Mais cela veut dire également, ces investissements..., d’une crise doit naître une opportunité : accélérer ces investissements, accélérer non seulement dans le tourisme durable, mais également dans le digital. On l’a vu, souvent, les acteurs touristiques voient une partie de leur valeur ajoutée finalement prélevée par un certain nombre d’opérateurs digitaux. Je crois qu’il y a de la place pour élaborer des outils qui leur permettent de garder un peu une partie de cette valeur ajoutée.

Q - Un dernier mot, Jean-Baptiste Lemoyne, parce que vous avez dans votre portefeuille également la francophonie. Vous travaillez beaucoup avec les chefs d’Etat et de gouvernement africains. Est-ce que vous êtes inquiets de l’épidémie sur ce continent ?

R - On est inquiet parce que cette épidémie, on le voit, elle peut prendre des proportions très importantes en Europe. Pour l’instant, sa dynamique est moindre en Afrique, il faut s’en féliciter. Je crois que le président de la République a été en pointe pour faire en sorte qu’il y ait à la fois un moratoire financier qui permette aux Etats du continent africain de redéployer des moyens qui auparavant étaient consacrés au service de la dette à la préparation et à la prévention de l’épidémie. C’était très important.

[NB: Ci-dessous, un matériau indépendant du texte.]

(* Fix positive integers $k,x^*$, a real number $n'$ treated as an indeterminate, and real numbers $b_1,\dots,b_k$ (indices mod $k$). For $x=(x_1,\dots,x_k)\in\{0,\dots,x^*\}^k$ consider $$E_x(n')=\sum_{i=1}^{k}\prod_{j=1}^{k}\prod_{h=x_j+1}^{x^*}(n'-b_{j+i}+h),$$ a polynomial in $n'$ of degree $L=\sum_{j=1}^k(x^*-x_j)$. Then for every integer $m\ge 0$, the coefficient of $n'^{\,L-m}$ in $E_x(n')$ is a linear combination of cyclic statistics of $x$ of order at most $m$, each multiplied by some function of $x$ that is invariant under permutations of $(x_1,\dots,x_k)$ (these functions and the statistics used may depend on $b$ and $x^*$ but are the same for all $x$).
   Context: For indices $i_1,\dots,i_r$ (mod $k$), the cyclic statistic of order $r$ is $S_{i_1,\dots,i_r}(x)=\sum_{j=1}^{k}x_{i_1+j}\cdots x_{i_r+j}$; a cyclic statistic of order $0$ is understood as a constant. *)

From HB Require Import structures.
From mathcomp Require Import all_boot all_order all_fingroup all_algebra.
From mathcomp Require Import reals.
Set Implicit Arguments. Unset Strict Implicit. Unset Printing Implicit Defensive.
Import Order.TTheory GRing.Theory Num.Theory.
Local Open Scope ring_scope.

Definition cshift (k : nat) (i j : 'I_k) : 'I_k :=
  Ordinal (ltn_pmod (i + j) (leq_ltn_trans (leq0n i) (ltn_ord i))).

Definition cycstat (R : nzRingType) (k : nat) (t : seq 'I_k) (x : 'I_k -> nat) : R :=
  \sum_(j < k) \prod_(i <- t) ((x (cshift i j))%:R : R).

Definition Epoly (R : nzRingType) (k xs : nat) (b : 'I_k -> R) (x : 'I_k -> nat)
  : {poly R} :=
  \sum_(i < k) \prod_(j < k) \prod_((x j).+1 <= h < xs.+1)
      ('X - (b (cshift j i))%:P + (h%:R)%:P).

Definition Ldeg (k xs : nat) (x : 'I_k -> nat) : nat := (\sum_(j < k) (xs - x j))%N.

Definition Ecoef (R : nzRingType) (k xs : nat) (b : 'I_k -> R) (x : 'I_k -> nat)
  (m : nat) : R :=
  if (m <= Ldeg xs x)%N then (Epoly xs b x)`_(Ldeg xs x - m) else 0.

Definition perm_invariant (R : Type) (k xs : nat) (f : ('I_k -> 'I_xs.+1) -> R) :=
  forall (x : 'I_k -> 'I_xs.+1) (s : {perm 'I_k}), f (x \o s) = f x.

(* After reindexing, the summand of E_x indexed by -i is the product of the
   (n' + a) over the multiset A_i of the h - b_u with x_(u+i) < h <= x*, so the
   coefficient of n'^(L-m) is the sum over i of e_m(A_i).  By Newton's identities
   e_m is a polynomial of weight m in the power sums p_1, ..., p_m.  Writing
   (h - b_u)^r = h^r + D_u(h) with deg D_u < r, the power sum p_r(A_i) is the
   permutation-invariant sum over j of the h^r with x_j < h <= x*, plus the sum
   over u of polynomials of degree at most r in x_(u+i), since summing a
   polynomial over h raises its degree by one.  So e_m(A_i) is a combination of
   monomials of degree at most m in the shifted variables x_(u+i) with
   permutation-invariant coefficients, and summing over i turns these monomials
   into cyclic statistics. *)

From HB Require Import structures.
From mathcomp Require Import all_boot all_order all_fingroup all_algebra.
From mathcomp Require Import reals.
From mathcomp Require Import ring.
Set Implicit Arguments. Unset Strict Implicit. Unset Printing Implicit Defensive.
Import Order.TTheory GRing.Theory Num.Theory.
Local Open Scope ring_scope.

Section ElementarySymmetric.
Variable R : comNzRingType.
Implicit Types (s : seq R) (a : R).

Fixpoint esym s m : R :=
  match s, m with
  | [::], _ => (m == 0%N)%:R
  | _ :: _, 0 => 1
  | a :: s', m'.+1 => esym s' m + a * esym s' m'
  end.

Arguments esym : simpl nomatch.

Definition psum s r : R := \sum_(a <- s) a ^+ r.

Lemma esym0 s : esym s 0 = 1.
Proof. by case: s. Qed.

Lemma esym_gt_size s m : (size s < m)%N -> esym s m = 0.
Proof.
elim: s m => [|a s IH] [|m] //= /[!ltnS] ltsm.
by rewrite !IH ?mulr0 ?addr0 // ltnW.
Qed.

Lemma coef_prod_XaddC s j :
  (\prod_(a <- s) ('X + a%:P))`_j =
    if (j <= size s)%N then esym s (size s - j) else 0.
Proof.
elim: s j => [|a s IH] j; first by rewrite big_nil coefC; case: j.
rewrite big_cons mulrDl coefD coefXM coefCM !IH [size (a :: s)]/=.
case: j => [|j]; first by rewrite /= !subn0 add0r /= (esym_gt_size (ltnSn _)) add0r.
rewrite ltnS subSS; case: ltngtP => [ltjs|ltsj|->].
- by rewrite -subnSK.
- by rewrite mulr0 addr0.
- by rewrite subnn !esym0 mulr0 addr0.
Qed.

Lemma sum_alt_pow_esym_cons a s m :
  \sum_(r < m.+1) (-1) ^+ r * a ^+ r.+1 * esym (a :: s) (m - r) = a * esym s m.
Proof.
elim: m => [|m IH]; first by rewrite big_ord1 expr0 !mul1r esym0 mulr1.
rewrite big_ord_recl subn0.
transitivity (a * esym (a :: s) m.+1 - a * (a * esym s m)); last by rewrite /=; ring.
rewrite -IH mulr_sumr -sumrN; congr (_ + _); first by rewrite expr0 expr1 mul1r.
by apply: eq_bigr => r _; rewrite lift0 subSS !exprS; ring.
Qed.

Lemma newton s m :
  m%:R * esym s m = \sum_(r < m) (-1) ^+ r * esym s (m - r.+1) * psum s r.+1.
Proof.
elim: s m => [|a s IH] m.
  rewrite big1 => [|r _]; last by rewrite /psum big_nil mulr0.
  by case: m => [|m]; rewrite ?mul0r ?mulr0.
case: m => [|m]; first by rewrite big_ord0 mul0r.
have split_psum r : (-1) ^+ r * esym (a :: s) (m - r) * psum (a :: s) r.+1 =
    (-1) ^+ r * esym (a :: s) (m - r) * psum s r.+1
    + (-1) ^+ r * a ^+ r.+1 * esym (a :: s) (m - r).
  by rewrite /psum big_cons; ring.
have split_esym : \sum_(r < m.+1) (-1) ^+ r * esym (a :: s) (m - r) * psum s r.+1 =
    m.+1%:R * esym s m.+1 + a * (m%:R * esym s m).
  rewrite (IH m.+1) IH !big_ord_recr /= !subnn !esym0 [a * _]mulr_sumr.
  rewrite addrAC -big_split.
  congr (_ + _); apply: eq_bigr => r _ /=.
  by rewrite subSS -(subnSK (ltn_ord r)) /=; ring.
under eq_bigr => r _ do rewrite subSS split_psum.
rewrite big_split /= sum_alt_pow_esym_cons split_esym mulrS; ring.
Qed.

End ElementarySymmetric.

Section CyclicCombinations.
Variables (R : comNzRingType) (k xs : nat).
Local Notation cfg := ('I_k -> 'I_xs.+1).
Implicit Types (F G : 'I_k -> cfg -> R) (t : seq 'I_k).

Definition shifted_monomial t (i : 'I_k) (x : cfg) : R :=
  \prod_(a <- t) ((x (cshift a i))%:R : R).

Definition cyccomb m F : Prop :=
  exists (I : finType) (t : I -> seq 'I_k) (f : I -> cfg -> R),
    (forall n, (size (t n) <= m)%N /\ perm_invariant (f n)) /\
    forall i x, F i x = \sum_n f n x * shifted_monomial (t n) i x.

Lemma eq_cyccomb m F G : (forall i x, F i x = G i x) -> cyccomb m F -> cyccomb m G.
Proof.
by move=> eFG [I [t [f [tf eF]]]]; exists I, t, f; split=> // i x; rewrite -eFG.
Qed.

Lemma cyccomb_le m m' F : (m <= m')%N -> cyccomb m F -> cyccomb m' F.
Proof.
move=> lemm' [I [t [f [tf eF]]]]; exists I, t, f; split=> // n.
by have [? ?] := tf n; split=> //; apply: leq_trans lemm'.
Qed.

Lemma cyccomb0 m : cyccomb m (fun _ _ => 0).
Proof.
exists 'I_0, (fun _ => [::]), (fun _ _ => 0); split=> [[]//|i x].
by rewrite big_ord0.
Qed.

Lemma cyccomb_invariant g : perm_invariant g -> cyccomb 0 (fun _ x => g x).
Proof.
move=> g_inv; exists 'I_1, (fun _ => [::]), (fun _ => g); split=> // i x.
by rewrite big_ord1 /shifted_monomial big_nil mulr1.
Qed.

Lemma cyccomb_shift_monomial t : cyccomb (size t) (shifted_monomial t).
Proof.
exists 'I_1, (fun _ => t), (fun _ _ => 1); split=> // i x.
by rewrite big_ord1 mul1r.
Qed.

Lemma cyccombD m F G :
  cyccomb m F -> cyccomb m G -> cyccomb m (fun i x => F i x + G i x).
Proof.
move=> [I [t [f [tf eF]]]] [J [u [g [ug eG]]]].
exists (I + J)%type, (fun n => match n with inl a => t a | inr b => u b end),
  (fun n => match n with inl a => f a | inr b => g b end).
by split=> [[a|b] //|i x]; rewrite big_sumType eF eG.
Qed.

Lemma cyccomb_sum m (T : Type) (r : seq T) (F : T -> 'I_k -> cfg -> R) :
  (forall j, cyccomb m (F j)) -> cyccomb m (fun i x => \sum_(j <- r) F j i x).
Proof.
move=> cF; elim: r => [|j r IH].
  by apply: eq_cyccomb (cyccomb0 m) => i x; rewrite big_nil.
by apply: eq_cyccomb (cyccombD (cF j) IH) => i x; rewrite big_cons.
Qed.

Lemma cyccombM m1 m2 F G :
  cyccomb m1 F -> cyccomb m2 G -> cyccomb (m1 + m2) (fun i x => F i x * G i x).
Proof.
move=> [I [t [f [tf eF]]]] [J [u [g [ug eG]]]].
exists (I * J)%type, (fun n => t n.1 ++ u n.2), (fun n x => f n.1 x * g n.2 x).
split=> [[a b]|i x].
  have [st fi] := tf a; have [su gi] := ug b.
  by split=> [|x s]; rewrite ?size_cat ?leq_add //= fi gi.
rewrite eF eG big_distrlr pair_bigA; apply: eq_bigr => -[a b] _ /=.
by rewrite /shifted_monomial big_cat /=; ring.
Qed.

Lemma cyccombZ m F g :
  perm_invariant g -> cyccomb m F -> cyccomb m (fun i x => g x * F i x).
Proof. by move=> /cyccomb_invariant cg /(cyccombM cg). Qed.

Lemma cyccomb_horner_shift d (P : {poly R}) (u : 'I_k) : (size P <= d.+1)%N ->
  cyccomb d (fun i x => P.[(x (cshift u i))%:R]).
Proof.
move=> sP.
have monomial_term (l : 'I_d.+1) :
    cyccomb d (fun i x => P`_l * shifted_monomial (nseq l u) i x).
  apply: (cyccombZ (g := fun _ => P`_l)) => //.
  by apply: cyccomb_le (cyccomb_shift_monomial _); rewrite size_nseq -ltnS.
apply: eq_cyccomb (cyccomb_sum (index_enum _) monomial_term) => i x.
rewrite (horner_coef_wide _ sP); apply: eq_bigr => l _.
by rewrite /shifted_monomial big_nseq iter_mulr_1.
Qed.

Lemma cyccomb_cycstat m F : cyccomb m F ->
  exists (N : nat) (t : 'I_N -> seq 'I_k) (f : 'I_N -> cfg -> R),
    (forall n, (size (t n) <= m)%N /\ perm_invariant (f n)) /\
    forall x, \sum_(i < k) F i x =
      \sum_(n < N) f n x * @cycstat R k (t n) (fun j => nat_of_ord (x j)).
Proof.
move=> [I [t [f [tf eF]]]].
exists #|I|, (fun n => t (enum_val n)), (fun n => f (enum_val n)); split=> // x.
under eq_bigr do rewrite eF.
rewrite exchange_big (reindex _ (onW_bij _ (@enum_val_bij I))) /=.
by apply: eq_bigr => n _; rewrite /cycstat mulr_sumr.
Qed.

End CyclicCombinations.

Section PolynomialSums.
Variable R : numFieldType.
Implicit Types p P Q : {poly R}.

Lemma poly_antidifference n p : (size p <= n)%N ->
  exists P, (size P <= n.+1)%N /\ forall z : R, P.[z + 1] - P.[z] = p.[z].
Proof.
elim: n p => [|n IH] p sp.
  move: sp; rewrite size_poly_leq0 => /eqP ->.
  by exists 0; split=> [|z]; rewrite ?size_poly0 // !horner0 subr0.
 pose T : {poly R} := \poly_(i < n.+1) 'C(n.+1, i)%:R.
have T_eval z : T.[z] = (z + 1) ^+ n.+1 - z ^+ n.+1.
  rewrite horner_poly exprD1n (big_ord_recr n.+1) /= binn mulr1n addrK.
  by apply: eq_bigr => i _; rewrite mulr_natl.
pose c := p`_n / n.+1%:R.
have [Q [sQ eQ]] : exists Q, (size Q <= n.+1)%N /\
    forall z : R, Q.[z + 1] - Q.[z] = (p - c *: T).[z].
  apply: IH; apply/leq_sizeP => j; rewrite leq_eqVlt => /predU1P[<-|ltnj].
    by rewrite coefB coefZ coef_poly ltnSn binSn mulfVK ?subrr ?pnatr_eq0.
  by rewrite coefB coefZ coef_poly ltnNge ltnj mulr0 subr0 (leq_sizeP _ _ sp).
exists (Q + c *: 'X^(n.+1)); split.
  rewrite (leq_trans (size_polyD _ _)) // geq_max (leq_trans sQ) //=.
  by rewrite (leq_trans (size_scale_leq _ _)) // size_polyXn.
move=> z; have := eQ z; rewrite !hornerE T_eval => eQz.
by rewrite -[p.[z]](subrK (c * ((z + 1) ^+ n.+1 - z ^+ n.+1))) -eQz; ring.
Qed.

Lemma sum_poly_tail n xs p : (size p <= n)%N ->
  exists P, (size P <= n.+1)%N /\
    forall y, (y <= xs)%N -> \sum_(y.+1 <= h < xs.+1) p.[h%:R] = P.[y%:R].
Proof.
move=> sp; have [P [sP eP]] := poly_antidifference sp.
exists ((P.[xs.+1%:R])%:P - P - p); split.
  rewrite (leq_trans (size_polyD _ _)) // geq_max size_polyN (leq_trans sp) // andbT.
  rewrite (leq_trans (size_polyD _ _)) // geq_max size_polyN sP andbT.
  exact: leq_trans (size_polyC_leq1 _) _.
move=> y lexy; rewrite !hornerE.
rewrite (telescope_sumr_eq (fun h => P.[h%:R])) ?ltnS // => [|h _].
  by rewrite -!natr1 -eP; ring.
by rewrite -natr1 eP.
Qed.

End PolynomialSums.

Lemma cshiftE n (i j : 'I_n.+1) : cshift i j = i + j.
Proof. exact: val_inj. Qed.

Section Coefficients.
Variables (R : numFieldType) (n xs : nat) (b : 'I_n.+1 -> R).

(* Reindexed by j = u + i and i |-> -i, so that [b] is not shifted: the summand
   [-i] of [Epoly xs b x] is the product of the ['X + a%:P] over [Econsts x i]. *)
Definition Econsts (x : 'I_n.+1 -> nat) (i : 'I_n.+1) : seq R :=
  [seq h%:R - b u | u <- index_enum 'I_n.+1, h <- index_iota (x (u + i)).+1 xs.+1].

Lemma Epoly_Econsts x :
  Epoly xs b x = \sum_i \prod_(a <- Econsts x i) ('X + a%:P).
Proof.
rewrite /Epoly (reindex_inj oppr_inj) /=; apply: eq_bigr => i _.
rewrite (reindex_inj (addIr i)) big_allpairs_dep /=; apply: eq_bigr => u _.
by apply: eq_bigr => h _; rewrite cshiftE addrK polyCB addrA addrAC.
Qed.

Lemma size_Econsts x i : size (Econsts x i) = Ldeg xs x.
Proof.
rewrite size_allpairs_dep /Ldeg (reindex_inj (addIr i)) sumnE big_map /=.
by apply: eq_bigr => u _; rewrite size_iota subSS.
Qed.

Lemma Ecoef_Econsts x m : Ecoef xs b x m = \sum_i esym (Econsts x i) m.
Proof.
rewrite /Ecoef Epoly_Econsts coef_sum; case: ifP => [lemL|/negbT].
  by apply: eq_bigr => i _; rewrite coef_prod_XaddC size_Econsts leq_subr subKn.
rewrite -ltnNge => ltLm; rewrite big1 // => i _.
by rewrite esym_gt_size // size_Econsts.
Qed.

Local Notation cfg := ('I_n.+1 -> 'I_xs.+1).

Lemma cyccomb_psum r :
  cyccomb r (fun i (x : cfg) => psum (Econsts (fun j => x j) i) r).
Proof.
(* [(h - b u) ^+ r = h ^+ r + (D u).[h]]: the sum of the [h ^+ r] is
   permutation invariant, and the sum of the [(D u).[h]] over [h] is a
   polynomial of degree at most [r] in [x (u + i)]. *)
pose D u : {poly R} := ('X - (b u)%:P) ^+ r - 'X^r.
have sizeD u : (size (D u) <= r)%N.
  have /monicP lcD := monic_exp r (monicXsubC (b u)).
  apply/leq_sizeP => j; rewrite leq_eqVlt coefB coefXn => /predU1P[<-|ltrj].
    by move: lcD; rewrite /lead_coef size_exp_XsubC => ->; rewrite eqxx subrr.
  by rewrite gtn_eqF // subr0 (leq_sizeP _ _ _ _ ltrj) // size_exp_XsubC.
have tail_D u : cyccomb r (fun i (x : cfg) =>
    \sum_((x (u + i)).+1 <= h < xs.+1) (D u).[h%:R]).
  have [P [sP eP]] := sum_poly_tail xs (sizeD u).
  apply: eq_cyccomb (cyccomb_horner_shift xs u sP) => i x.
  by rewrite cshiftE eP // -ltnS.
pose H (y : nat) := \sum_(y.+1 <= h < xs.+1) (h%:R : R) ^+ r.
have sym_H : perm_invariant (fun x : cfg => \sum_j H (x j)).
  by move=> x s; rewrite [RHS](reindex_inj (@perm_inj _ s)).
apply: eq_cyccomb (cyccombD (cyccomb_le (leq0n r) (cyccomb_invariant sym_H))
  (cyccomb_sum (index_enum _) tail_D)) => i x /=.
rewrite /psum big_allpairs_dep (reindex_inj (addIr i)) -big_split /=.
apply: eq_bigr => u _; rewrite -big_split /=; apply: eq_bigr => h _.
by rewrite !hornerE /= addrAC subrr add0r.
Qed.

Lemma cyccomb_esym m :
  cyccomb m (fun i (x : cfg) => esym (Econsts (fun j => x j) i) m).
Proof.
elim/ltn_ind: m => -[_|m IH].
  by apply: eq_cyccomb (cyccomb_invariant (g := fun _ => 1) _) => // i x; rewrite esym0.
have newton_term (r : 'I_m.+1) : cyccomb m.+1 (fun i (x : cfg) =>
    (-1) ^+ r * esym (Econsts (fun j => x j) i) (m.+1 - r.+1)
    * psum (Econsts (fun j => x j) i) r.+1).
  have lt_r : (m.+1 - r.+1 < m.+1)%N by rewrite subSS ltnS leq_subr.
  have esym_term := cyccombZ (g := fun _ => (-1) ^+ r) (fun _ _ => erefl) (IH _ lt_r).
  by apply: cyccomb_le (cyccombM esym_term (cyccomb_psum _)); rewrite subnK.
have newton_sum := cyccomb_sum (index_enum _) newton_term.
apply: eq_cyccomb (cyccombZ (g := fun _ => m.+1%:R^-1) _ newton_sum) => // i x.
by rewrite -newton mulKf ?pnatr_eq0.
Qed.

End Coefficients.

Theorem lemma5p2 (R : realType) (k xs : nat) (hk : (0 < k)%N) (hxs : (0 < xs)%N)
  (b : 'I_k -> R) (m : nat) :
  exists (N : nat) (t : 'I_N -> seq 'I_k) (f : 'I_N -> ('I_k -> 'I_xs.+1) -> R),
    (forall n : 'I_N, (size (t n) <= m)%N /\ perm_invariant (f n)) /\
    forall x : 'I_k -> 'I_xs.+1,
      Ecoef xs b (fun j => nat_of_ord (x j)) m =
      \sum_(n < N) f n x * @cycstat R k (t n) (fun j => nat_of_ord (x j)).
Proof.
case: k hk b => // n _ b.
have [N [t [f [tf eF]]]] := cyccomb_cycstat (cyccomb_esym xs b m).
by exists N, t, f; split=> // x; rewrite Ecoef_Econsts eF.
Qed.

Par ailleurs, avec les Européens, nous agissons pour aider nos frères africains en matière de matériels. Ainsi, un vol est parti depuis Lyon, vendredi dernier, pour rejoindre la République de Centrafrique. Il s’est posé à Bangui. Cela fait partie de ces solidarités concrètes. On ne le sait pas assez, mais l’Union européenne est le premier bailleur pour le continent africain. Et donc, il est bon que cela soit su, face, parfois, je dirais, à l’instrumentalisation de l’aide par des bailleurs émergents.

Q - Merci beaucoup, merci, Jean-Baptiste Lemoyne, d’avoir été avec nous./.